RECORDED DATA -
(* Let $n\ge2$ and let $G$ be a finite simple graph with $n$ vertices. Then $s(\{\rho(B)\}*\{I(G)\})\subseteq 2\mathbb{Z}$ for every connected bipartite graph $B$ with $n$ vertices if and only if every vertex of $G$ has even degree (i.e. every connected component of $G$ is Eulerian). In the notation of orthogonality classes: $I^{-1}\big(\rho(\{\text{connected bipartite graphs on } n \text{ vertices}\})^{\perp_{\mathscr P(2\mathbb Z)}}\big)$ is exactly the set of graphs on $n$ vertices all of whose components are Eulerian.
   Context: Take $R=\mathbb{Z}$. An $R$-weighted complete graph $K$ is a finite vertex set with a weight $v_K(e)\in R$ on every 2-subset $e$. For $H,G'$ with equal vertex counts and a bijection $f:V(H)\to V(G')$, $H*_fG'$ has vertex set $V(H)$ and weights $v_H(\{x,y\})v_{G'}(\{f(x),f(y)\})$; $H*G'=\{H*_fG': f \text{ bijection}\}$. $s(K)=\sum_e v_K(e)$, $s(\mathscr K)=\{s(K):K\in\mathscr K\}$. For a simple graph $G$, $I(G)$ has weight $1$ on edges and $0$ on non-edges; for connected $B$, $\rho(B)$ has weight $\rho_B(x,y)$ (graph distance). For a set $\mathscr H$ of weighted complete graphs on $n$ vertices and a family $\mathscr A$ of subsets of $\mathbb Z$, $\mathscr H^{\perp_{\mathscr A}}$ is the class of weighted complete graphs $X$ on $n$ vertices with $s(H*X)\in\mathscr A$ for all $H\in\mathscr H$; $\mathscr P(2\mathbb Z)$ is the family of all subsets of the even integers; $I^{-1}$ of a class means the simple graphs $G$ with $I(G)$ in that class. *)

From mathcomp Require Import all_boot all_order.
From mathcomp Require Import fingroup perm.
Set Implicit Arguments. Unset Strict Implicit. Unset Printing Implicit Defensive.

Definition simple_graph (T : finType) (e : rel T) : Prop :=
  symmetric e /\ irreflexive e.

Definition graph_connected (T : finType) (e : rel T) : Prop :=
  forall x y : T, connect e x y.

Definition bipartite (T : finType) (e : rel T) : Prop :=
  exists c : T -> bool, forall x y, e x y -> c x != c y.

Fixpoint walk (T : finType) (e : rel T) (k : nat) (x y : T) : bool :=
  if k is k'.+1 then [exists z, e x z && walk e k' z y] else x == y.

(* Graph distance: the least k with a walk of length k from x to y
   (searching k = 0 .. #|T|-1; for connected graphs this is the exact
   distance, since any distance is < #|T|). *)
Definition gdist (T : finType) (e : rel T) (x y : T) : nat :=
  find (fun k => walk e k x y) (iota 0 #|T|).

Definition degree (T : finType) (e : rel T) (x : T) : nat :=
  #|[set y | e x y]|.

(* s(rho(B) *_f I(G)) : sum over 2-subsets {i,j} (i<j) of
   rho_B(i,j) * v_{I(G)}({f i, f j}). *)
Definition s_rho_I (n : nat) (B G : rel 'I_n) (f : {perm 'I_n}) : nat :=
  \sum_(i < n) \sum_(j < n | i < j) gdist B i j * (G (f i) (f j) : nat).

From mathcomp Require Import all_boot all_order.
From mathcomp Require Import fingroup perm.

Set Implicit Arguments.
Unset Strict Implicit.
Unset Printing Implicit Defensive.

(* If B is connected with bipartition c, then rho_B(i,j) is odd exactly when
   c i != c j.  Since (c i != c j) = c i + c j mod 2, the sum over pairs
   i < j of rho_B(i,j) G(f i, f j) is congruent to the sum over ordered
   pairs of c i G(f i, f j), i.e. to the sum of the degrees of the f i with
   c i set.  This is even whenever all degrees are; conversely, a star
   centred at x makes the sum equal to deg x. *)

Lemma eq_odd_sum (I : Type) (r : seq I) (P : pred I) (F F' : I -> nat) :
  (forall i, P i -> odd (F i) = odd (F' i)) ->
  odd (\sum_(i <- r | P i) F i) = odd (\sum_(i <- r | P i) F' i).
Proof.
move=> oddFF'; apply: (big_ind2 (fun a b => odd a = odd b)) => //.
by move=> a b a' b' ha hb; rewrite !oddD ha hb.
Qed.

Lemma even_sum (I : Type) (r : seq I) (P : pred I) (F : I -> nat) :
  (forall i, P i -> ~~ odd (F i)) -> ~~ odd (\sum_(i <- r | P i) F i).
Proof.
move=> evenF; rewrite (@eq_odd_sum _ _ _ _ (fun=> 0)) ?big1 // => i Pi.
by rewrite (negbTE (evenF i Pi)).
Qed.

Lemma sum_ord_pairs n (K : 'I_n -> 'I_n -> nat) :
  \sum_(i < n) \sum_(j < n) K i j =
  \sum_(i < n) \sum_(j < n | i < j) (K i j + K j i) + \sum_(i < n) K i i.
Proof.
have split_row i : \sum_(j < n) K i j =
    \sum_(j < n | i < j) K i j + \sum_(j < n | j < i) K i j + K i i.
  rewrite (bigID (fun j : 'I_n => i < j)) /= -addnA; congr (_ + _).
  rewrite (bigID (fun j : 'I_n => j < i)) /=; congr (_ + _).
    by apply: eq_bigl => j; case: ltngtP.
  by apply: big_pred1 => j /=; rewrite -(inj_eq val_inj) /=; case: ltngtP.
have lower_to_upper :
    \sum_(i < n) \sum_(j < n | j < i) K i j = \sum_(i < n) \sum_(j < n | i < j) K j i.
  rewrite (eq_bigr (fun i : 'I_n => \sum_(j < n) (if j < i then K i j else 0)));
    last by move=> i _; rewrite big_mkcond.
  rewrite exchange_big; apply: eq_bigr => i _.
  by rewrite [RHS]big_mkcond; apply: eq_bigr.
rewrite (eq_bigr _ (fun i _ => split_row i)) !big_split /= lower_to_upper.
by rewrite -big_split; congr (_ + _); apply: eq_bigr => i _; rewrite big_split.
Qed.

Lemma degree_sum (T : finType) (e : rel T) (x : T) :
  degree e x = \sum_(y : T) (e x y : nat).
Proof.
rewrite /degree -sum1_card big_mkcond /=.
by apply: eq_bigr => y _; rewrite inE; case: (e x y).
Qed.

Lemma odd_walk (T : finType) (e : rel T) (c : T -> bool) k x y :
  (forall x y, e x y -> c x != c y) -> walk e k x y -> odd k = (c x != c y).
Proof.
move=> e_bip.
elim: k x => [|k IHk] x /=; first by move/eqP->; rewrite eqxx.
case/existsP=> z /andP[exz wzy]; rewrite (IHk z wzy).
by move: (e_bip _ _ exz); case: (c x); case: (c y); case: (c z).
Qed.

Lemma path_walk (T : finType) (e : rel T) (x : T) (p : seq T) :
  path e x p -> walk e (size p) x (last x p).
Proof.
elim: p x => [|z p IHp] x /=; first by rewrite eqxx.
by case/andP=> exz pz; apply/existsP; exists z; rewrite exz IHp.
Qed.

Lemma gdist_walk (T : finType) (e : rel T) (x y : T) :
  connect e x y -> walk e (gdist e x y) x y.
Proof.
case/connectP=> p ep ->; have [q eq_q uq _] := shortenP ep.
have q_small : size q < #|T| by move/card_uniqP: uq => /= <-; apply: max_card.
have has_walk : has (fun k => walk e k x (last x q)) (iota 0 #|T|).
  by apply/hasP; exists (size q); rewrite ?mem_iota ?path_walk.
have := nth_find 0 has_walk; rewrite nth_iota // -{2}(size_iota 0 #|T|).
by rewrite -has_find.
Qed.

Lemma odd_gdist (T : finType) (e : rel T) (c : T -> bool) :
  (forall x y, e x y -> c x != c y) -> graph_connected e ->
  forall x y, odd (gdist e x y) = (c x != c y).
Proof. by move=> e_bip e_conn x y; apply/(odd_walk e_bip)/gdist_walk. Qed.

Lemma odd_s_rho_I n (B G : rel 'I_n) (c : 'I_n -> bool) (f : {perm 'I_n}) :
  simple_graph G -> (forall i j, odd (gdist B i j) = (c i != c j)) ->
  odd (s_rho_I B G f) = odd (\sum_(i < n) c i * degree G (f i)).
Proof.
move=> [G_sym G_irr] odd_gdistB.
pose K i j := c i * G (f i) (f j).
have pairs_mod2 : odd (s_rho_I B G f) =
    odd (\sum_(i < n) \sum_(j < n | i < j) (K i j + K j i)).
  apply: eq_odd_sum => i _; apply: eq_odd_sum => j _.
  rewrite oddM odd_gdistB oddD !oddM /K (G_sym (f j)).
  by case: (c i); case: (c j); case: (G (f i) (f j)).
rewrite pairs_mod2; congr (odd _).
have := @sum_ord_pairs n K; rewrite (big1 _ _ (fun i => K i i)) => [|i _]; last first.
  by rewrite /K G_irr muln0.
rewrite addn0 => <-; apply: eq_bigr => i _.
by rewrite degree_sum big_distrr [RHS](reindex_inj (@perm_inj _ f)).
Qed.

Section Star.

Variables (T : finType) (x : T).

Definition star : rel T := fun i j => (i == x) != (j == x).

Lemma star_simple : simple_graph star.
Proof.
by split=> [i j|i]; rewrite /star; [case: (i == x); case: (j == x) | case: (i == x)].
Qed.

Lemma star_colouring i j : star i j -> (i == x) != (j == x).
Proof. by []. Qed.

Lemma star_bipartite : bipartite star.
Proof. by exists (fun i => i == x); apply: star_colouring. Qed.

Lemma star_connected : graph_connected star.
Proof.
have to_centre y : connect star y x.
  by have [->|ne] := eqVneq y x; rewrite ?connect0 // connect1 // /star eqxx (negbTE ne).
move=> y z; apply: connect_trans (to_centre y) _.
by rewrite (sym_connect_sym star_simple.1) to_centre.
Qed.

End Star.

Theorem mainTheorem20 (n : nat) (G : rel 'I_n) :
  2 <= n -> simple_graph G ->
  ((forall B : rel 'I_n, simple_graph B -> graph_connected B -> bipartite B ->
      forall f : {perm 'I_n}, ~~ odd (s_rho_I B G f))
   <-> (forall x : 'I_n, ~~ odd (degree G x))).
Proof.
move=> _ G_simple; split=> [even_s x | even_deg B B_simple B_conn [c B_bip] f].
  have := even_s _ (star_simple x) (star_connected x) (star_bipartite x) 1%g.
  rewrite (odd_s_rho_I _ G_simple (odd_gdist (@star_colouring _ x) (star_connected x))).
  by rewrite (bigD1 x) //= big1 => [|i /negbTE ->]; rewrite ?eqxx ?perm1 ?mul1n ?addn0.
rewrite (odd_s_rho_I _ G_simple (odd_gdist B_bip B_conn)).
by apply: even_sum => i _; rewrite oddM (negbTE (even_deg (f i))) andbF.
Qed.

WHAT IS REQUIRED - Which of the lines above contain "oddM"? Return them all.

FINISHED TASK -
  rewrite oddM odd_gdistB oddD !oddM /K (G_sym (f j)).
by apply: even_sum => i _; rewrite oddM (negbTE (even_deg (f i))) andbF.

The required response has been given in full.